[Records from a collection]
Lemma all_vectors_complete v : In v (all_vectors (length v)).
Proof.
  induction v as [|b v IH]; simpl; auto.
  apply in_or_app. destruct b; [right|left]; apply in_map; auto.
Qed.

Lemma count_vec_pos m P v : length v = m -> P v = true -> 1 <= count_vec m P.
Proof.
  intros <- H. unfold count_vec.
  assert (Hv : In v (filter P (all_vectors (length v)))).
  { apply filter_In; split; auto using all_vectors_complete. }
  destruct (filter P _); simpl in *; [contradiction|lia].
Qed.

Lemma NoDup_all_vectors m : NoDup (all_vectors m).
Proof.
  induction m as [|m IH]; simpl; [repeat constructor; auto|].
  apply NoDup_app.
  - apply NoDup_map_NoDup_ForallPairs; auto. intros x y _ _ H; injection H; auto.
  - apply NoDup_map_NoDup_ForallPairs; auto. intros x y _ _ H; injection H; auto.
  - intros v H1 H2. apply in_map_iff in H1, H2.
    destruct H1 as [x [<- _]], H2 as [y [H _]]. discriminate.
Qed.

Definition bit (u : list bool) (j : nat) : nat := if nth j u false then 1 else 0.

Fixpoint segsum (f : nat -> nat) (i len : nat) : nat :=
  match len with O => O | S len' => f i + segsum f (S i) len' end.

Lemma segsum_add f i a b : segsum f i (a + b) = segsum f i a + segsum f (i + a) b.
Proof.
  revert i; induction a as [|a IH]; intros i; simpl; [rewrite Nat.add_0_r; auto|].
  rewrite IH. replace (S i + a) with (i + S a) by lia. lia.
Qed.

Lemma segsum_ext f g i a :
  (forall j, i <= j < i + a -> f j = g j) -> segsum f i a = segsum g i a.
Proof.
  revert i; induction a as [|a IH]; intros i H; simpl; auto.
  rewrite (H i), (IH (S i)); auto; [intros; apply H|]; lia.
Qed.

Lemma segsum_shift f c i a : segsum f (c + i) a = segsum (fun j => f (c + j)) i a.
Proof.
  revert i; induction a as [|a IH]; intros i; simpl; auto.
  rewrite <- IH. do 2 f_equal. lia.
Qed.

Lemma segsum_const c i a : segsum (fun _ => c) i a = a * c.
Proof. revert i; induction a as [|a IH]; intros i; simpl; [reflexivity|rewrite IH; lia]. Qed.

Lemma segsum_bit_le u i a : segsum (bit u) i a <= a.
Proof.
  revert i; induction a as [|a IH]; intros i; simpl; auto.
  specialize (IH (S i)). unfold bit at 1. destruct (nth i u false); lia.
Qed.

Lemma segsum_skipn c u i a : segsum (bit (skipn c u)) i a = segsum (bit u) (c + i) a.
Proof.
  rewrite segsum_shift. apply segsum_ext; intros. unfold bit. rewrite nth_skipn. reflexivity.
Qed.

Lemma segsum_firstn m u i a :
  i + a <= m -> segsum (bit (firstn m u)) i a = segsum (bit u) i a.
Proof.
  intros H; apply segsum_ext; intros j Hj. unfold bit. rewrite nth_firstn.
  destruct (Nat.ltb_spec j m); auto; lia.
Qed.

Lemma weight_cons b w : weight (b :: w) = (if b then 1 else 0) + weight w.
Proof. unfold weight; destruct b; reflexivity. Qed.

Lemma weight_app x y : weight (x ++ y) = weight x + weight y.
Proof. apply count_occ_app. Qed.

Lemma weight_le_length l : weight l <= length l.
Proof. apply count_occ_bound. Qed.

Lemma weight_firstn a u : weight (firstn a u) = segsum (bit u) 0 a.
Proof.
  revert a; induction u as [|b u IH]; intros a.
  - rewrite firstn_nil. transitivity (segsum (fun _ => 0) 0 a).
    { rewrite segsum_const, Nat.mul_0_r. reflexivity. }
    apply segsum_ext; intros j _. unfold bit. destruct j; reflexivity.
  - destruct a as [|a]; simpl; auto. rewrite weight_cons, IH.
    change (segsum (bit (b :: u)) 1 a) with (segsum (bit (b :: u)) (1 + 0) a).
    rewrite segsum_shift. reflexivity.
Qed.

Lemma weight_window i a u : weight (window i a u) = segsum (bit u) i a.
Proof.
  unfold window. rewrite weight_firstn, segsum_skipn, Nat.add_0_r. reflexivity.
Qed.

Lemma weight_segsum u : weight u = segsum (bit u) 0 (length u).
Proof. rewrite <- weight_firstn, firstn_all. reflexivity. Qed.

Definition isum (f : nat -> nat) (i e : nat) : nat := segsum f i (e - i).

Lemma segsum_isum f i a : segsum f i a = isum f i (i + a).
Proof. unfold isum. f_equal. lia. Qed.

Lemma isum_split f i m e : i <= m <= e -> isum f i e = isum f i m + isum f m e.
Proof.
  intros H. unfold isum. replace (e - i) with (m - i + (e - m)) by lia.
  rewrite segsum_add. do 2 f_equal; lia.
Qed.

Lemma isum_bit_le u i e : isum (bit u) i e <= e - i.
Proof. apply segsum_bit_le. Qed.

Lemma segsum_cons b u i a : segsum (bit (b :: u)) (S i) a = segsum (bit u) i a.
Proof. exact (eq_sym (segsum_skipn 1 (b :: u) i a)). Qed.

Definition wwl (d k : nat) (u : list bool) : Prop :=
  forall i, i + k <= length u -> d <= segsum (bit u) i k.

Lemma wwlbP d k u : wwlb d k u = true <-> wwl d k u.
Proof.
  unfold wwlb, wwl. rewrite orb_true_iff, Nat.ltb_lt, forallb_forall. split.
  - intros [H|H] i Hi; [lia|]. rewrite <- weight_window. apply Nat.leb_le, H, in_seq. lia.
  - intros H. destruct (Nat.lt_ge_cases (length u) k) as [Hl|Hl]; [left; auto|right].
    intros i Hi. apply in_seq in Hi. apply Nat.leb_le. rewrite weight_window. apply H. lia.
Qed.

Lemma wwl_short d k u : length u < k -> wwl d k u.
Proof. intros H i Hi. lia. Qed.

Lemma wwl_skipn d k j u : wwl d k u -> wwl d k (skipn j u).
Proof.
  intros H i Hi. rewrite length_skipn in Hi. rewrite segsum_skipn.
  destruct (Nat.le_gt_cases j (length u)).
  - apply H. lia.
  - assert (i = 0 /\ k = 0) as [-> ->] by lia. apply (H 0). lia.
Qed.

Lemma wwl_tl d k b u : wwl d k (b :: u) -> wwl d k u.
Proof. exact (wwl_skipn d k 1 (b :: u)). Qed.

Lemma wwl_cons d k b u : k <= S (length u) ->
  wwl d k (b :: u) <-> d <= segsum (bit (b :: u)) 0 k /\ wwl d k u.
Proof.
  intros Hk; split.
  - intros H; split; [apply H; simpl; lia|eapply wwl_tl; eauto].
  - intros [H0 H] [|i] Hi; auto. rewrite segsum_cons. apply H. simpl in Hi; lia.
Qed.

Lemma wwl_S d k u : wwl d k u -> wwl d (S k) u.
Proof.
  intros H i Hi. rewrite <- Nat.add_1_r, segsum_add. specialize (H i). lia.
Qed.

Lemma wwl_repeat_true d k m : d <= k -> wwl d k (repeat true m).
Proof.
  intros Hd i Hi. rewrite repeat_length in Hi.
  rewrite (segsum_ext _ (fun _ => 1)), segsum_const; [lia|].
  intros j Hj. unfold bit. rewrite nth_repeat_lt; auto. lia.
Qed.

Assigned task - Exactly as they stand, please print the lines from the first line of the records above down to the line that includes "Lemma segsum_ext f", both of those included and no others.

Solution for this exercise -
Lemma all_vectors_complete v : In v (all_vectors (length v)).
Proof.
  induction v as [|b v IH]; simpl; auto.
  apply in_or_app. destruct b; [right|left]; apply in_map; auto.
Qed.

Lemma count_vec_pos m P v : length v = m -> P v = true -> 1 <= count_vec m P.
Proof.
  intros <- H. unfold count_vec.
  assert (Hv : In v (filter P (all_vectors (length v)))).
  { apply filter_In; split; auto using all_vectors_complete. }
  destruct (filter P _); simpl in *; [contradiction|lia].
Qed.

Lemma NoDup_all_vectors m : NoDup (all_vectors m).
Proof.
  induction m as [|m IH]; simpl; [repeat constructor; auto|].
  apply NoDup_app.
  - apply NoDup_map_NoDup_ForallPairs; auto. intros x y _ _ H; injection H; auto.
  - apply NoDup_map_NoDup_ForallPairs; auto. intros x y _ _ H; injection H; auto.
  - intros v H1 H2. apply in_map_iff in H1, H2.
    destruct H1 as [x [<- _]], H2 as [y [H _]]. discriminate.
Qed.

Definition bit (u : list bool) (j : nat) : nat := if nth j u false then 1 else 0.

Fixpoint segsum (f : nat -> nat) (i len : nat) : nat :=
  match len with O => O | S len' => f i + segsum f (S i) len' end.

Lemma segsum_add f i a b : segsum f i (a + b) = segsum f i a + segsum f (i + a) b.
Proof.
  revert i; induction a as [|a IH]; intros i; simpl; [rewrite Nat.add_0_r; auto|].
  rewrite IH. replace (S i + a) with (i + S a) by lia. lia.
Qed.

Lemma segsum_ext f g i a :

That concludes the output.